▶
Lemma sum_on_swap z K a b : b \in K -> a \notin K ->
  sum_on z (a |: (K :\ b)) = sum_on z K - z b + z a.
Proof.
move=> bK aK; rewrite /sum_on big_setU1 /=; last by rewrite inE negb_and aK orbT.
by rewrite (big_setD1 b bK) /=; ring.
Qed.

Lemma qform_S_on K z :
  qform (S_on K) z = 2 * (\sum_i z i) * sum_on z K - sum_on z K ^+ 2 - sqr_on z K.
Proof.
have S_onE i j : (S_on K i j)%:R = (i \in K)%:R + (j \in K)%:R
    - (i \in K)%:R * (j \in K)%:R - (j == i)%:R * (i \in K)%:R :> R.
  rewrite /S_on eq_sym; case: eqP => [->|_]; case: (i \in K); case: (j \in K);
    rewrite /= ?mulr1n ?mulr0n; ring.
have row i : \sum_j (S_on K i j)%:R * (z i * z j) =
    (i \in K)%:R * z i * \sum_j z j + z i * sum_on z K
    - (i \in K)%:R * z i * sum_on z K - (i \in K)%:R * z i ^+ 2.
  under eq_bigr => j _ do rewrite S_onE.
  rewrite (_ : \sum_j _ = \sum_j ((i \in K)%:R * z i * z j
      + z i * ((j \in K)%:R * z j) - (i \in K)%:R * z i * ((j \in K)%:R * z j)
      - (j == i)%:R * ((i \in K)%:R * z i * z j))); last by apply: eq_bigr => j _; ring.
  by rewrite !sumrB big_split /= sum_eq_mul -!mulr_sumr /sum_on -!sum_mem_mul; ring.
rewrite /qform; under eq_bigr => i _ do rewrite row.
rewrite !sumrB big_split /= -!mulr_suml /sum_on /sqr_on -!sum_mem_mul.
by rewrite (sum_mem_mul (fun i => z i ^+ 2)); ring.
Qed.
Lemma expq2D1 x : (x + 1) ^+ (q + 2) = x ^+ (q + 2) + delta x + 1.
Proof.
rewrite /delta !exprD frobD expr1n; move: (x ^+ q) => xq.
by apply: (@eq_mod3 _ _ (x * xq + x)); ring.
Qed.

Lemma delta_fixedq x : x \in fixedq -> delta x = 0.
Proof. by rewrite fixedqE /delta => /eqP->; rewrite subrr mulr0. Qed.

Lemma deltaN1B x : delta (-1 - x) = delta x.
Proof.
rewrite /delta !frobB frobN expr1n; move: (x ^+ q) => xq.
by apply: (@eq_mod3 _ _ (x - xq)); ring.
Qed.

Lemma delta_add_frob x : delta x + delta x ^+ q = (x - x ^+ q) ^+ 2.
Proof. by rewrite /delta exprMn !frobB frobK expr1n; move: (x ^+ q) => xq; ring. Qed.

Lemma delta_eq_cases x y : delta x = delta y ->
  [\/ (x \in fixedq) && (y \in fixedq), x = y | x + y = -1].
Proof.
move=> dxy; have /eqP := congr1 (fun d => d + d ^+ q) dxy.
rewrite /= !delta_add_frob -subr_eq0 subr_sqr.
have Ku : (x - x ^+ q == 0) = (x \in fixedq) by rewrite subr_eq0 eq_sym.
have Kv : (y - y ^+ q == 0) = (y \in fixedq) by rewrite subr_eq0 eq_sym.
move: dxy Ku Kv; rewrite /delta; move: (x - x ^+ q) (y - y ^+ q) => u v dxy Ku Kv.
rewrite mulf_eq0 subr_eq0 addr_eq0 => /orP[/eqP uv | /eqP uNv].
  have /eqP : (x - y) * u = 0.
    have -> : (x - y) * u = (x - 1) * u - (y - 1) * u by ring.
    by rewrite {2}uv -dxy subrr.
  rewrite mulf_eq0 subr_eq0 => /orP[/eqP-> | u0]; first exact: Or32.
  by apply: Or31; rewrite -Ku -Kv -uv u0.
have /eqP : (x + y + 1) * u = 0.
  move: dxy; rewrite uNv => dxy.
  have -> : (x + y + 1) * - v = (x - 1) * - v - (y - 1) * v - 3 * v by ring.
  by rewrite dxy subrr three0 mul0r subr0.
rewrite mulf_eq0 addr_eq0 => /orP[/eqP xy | u0]; last first.
  by apply: Or31; rewrite -Ku -Kv u0 -oppr_eq0 -uNv.
by apply: Or33; rewrite xy; ring.
Qed.
Lemma is_derive_phi_travel x t : 0 < profile a (x - t *: a) ->
  is_derive t 1 (fun s : R => phi_fun m a (x - s *: a)) (phi_drift m a (x - t *: a)).
Proof.
move=> Gy; apply: is_derive_comp_subZ.
apply: is_derive_eq (is_derive_profile_pow a _ _ _ (- a) Gy) _.
by rewrite profile_slopeN mulrN phi_slope_self // opprK.
Qed.

Lemma phi_drift_ge0 y : m < 1 -> 0 <= phi_drift m a y.
Proof.
move=> m1; rewrite /phi_drift !mulr_ge0 ?invr_ge0 ?powR_ge0 ?enorm_ge0 //.
by rewrite subr_ge0 ltW.
Qed.

Lemma derivable_phi y v : 0 < profile a y -> derivable (phi_fun m a) y v.
Proof. by move=> Gy; have [] := is_derive_profile_pow a (Aconst n m) (- p) y v Gy. Qed.

Lemma lap_ok_phi_powR y : 0 < profile a y -> lap_ok (fun z => phi_fun m a z `^ m) y.
Proof. by rewrite phi_powR_m; exact: lap_ok_profile_pow. Qed.

Lemma lap_phi_powR y : (2 <= n)%N -> mstar n < m -> m < 1 -> 0 < profile a y ->
  lap (fun z => phi_fun m a z `^ m) y = phi_drift m a y.
Proof.
move=> n2 mm m1 Gy; rewrite phi_powR_m lap_profile_pow //.
rewrite (_ : - p * m - 1 = - p); last by field; rewrite subr_eq0 gt_eqF.
rewrite /phi_drift [in RHS](Aconst_eq n2 mm m1) -(mulrA _ (Abase n m)).
by rewrite -exponent_identity //; ring.
Qed.

End StationaryProfile.

Lemma cvgy_mul_powRN {R : realType} {T : Type} (F : set_system T) {FF : Filter F}
    (g : T -> R) (A q : R) :
  0 < A -> 0 < q -> g @ F --> 0 -> (\forall z \near F, 0 < g z) ->
  A * g z `^ (- q) @[z --> F] --> +oo.
Proof.
move=> A0 q0 g0 gpos; apply/cvgryPge => M.
set M' := Num.max M 1; have M'0 : 0 < M' by rewrite lt_max ltr01 orbT.
have MM' : M <= M' by rewrite le_max lexx.
have del0 : 0 < (A / M') `^ q^-1 by rewrite powR_gt0 // divr_gt0.
near=> z; have gz : 0 < g z by near: z.
have gdel : g z < (A / M') `^ q^-1 by near: z; exact: cvgr_lt g0 _ del0.
have gq : g z `^ q < A / M'.
  rewrite -[X in _ < X](@powRr1 _ (A / M')) ?divr_ge0 ?ltW // -(mulVf (lt0r_neq0 q0)).
  by rewrite powRrM gt0_ltr_powR ?nnegrE ?powR_ge0 ?ltW.
rewrite powRN (le_trans MM') // ler_pdivlMr ?powR_gt0 // mulrC.
by rewrite -ler_pdivlMr // ltW.
Unshelve. all: by end_near.
Qed.

Section TravellingWave.
Context {R : realType} {n : nat} {c : R} {w : 'rV[R]_n}.
Hypotheses (c_gt0 : 0 < c) (w_unit : enorm w = 1).
Implicit Types (x y : 'rV[R]_n) (l s t : R).
Local Notation a := (c *: w).

Lemma profile_scale_unit y : profile a y = c * (enorm y + dot w y).
Proof. by rewrite /profile enormZ w_unit mulr1 gtr0_norm // dotZl mulrDr. Qed.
◀
# Exercise aim
Each line from the one containing "Section TravellingWave." to the end of the listing above should be copied exactly, and nothing else.

# Worked solution
Section TravellingWave.
Context {R : realType} {n : nat} {c : R} {w : 'rV[R]_n}.
Hypotheses (c_gt0 : 0 < c) (w_unit : enorm w = 1).
Implicit Types (x y : 'rV[R]_n) (l s t : R).
Local Notation a := (c *: w).

Lemma profile_scale_unit y : profile a y = c * (enorm y + dot w y).
Proof. by rewrite /profile enormZ w_unit mulr1 gtr0_norm // dotZl mulrDr. Qed.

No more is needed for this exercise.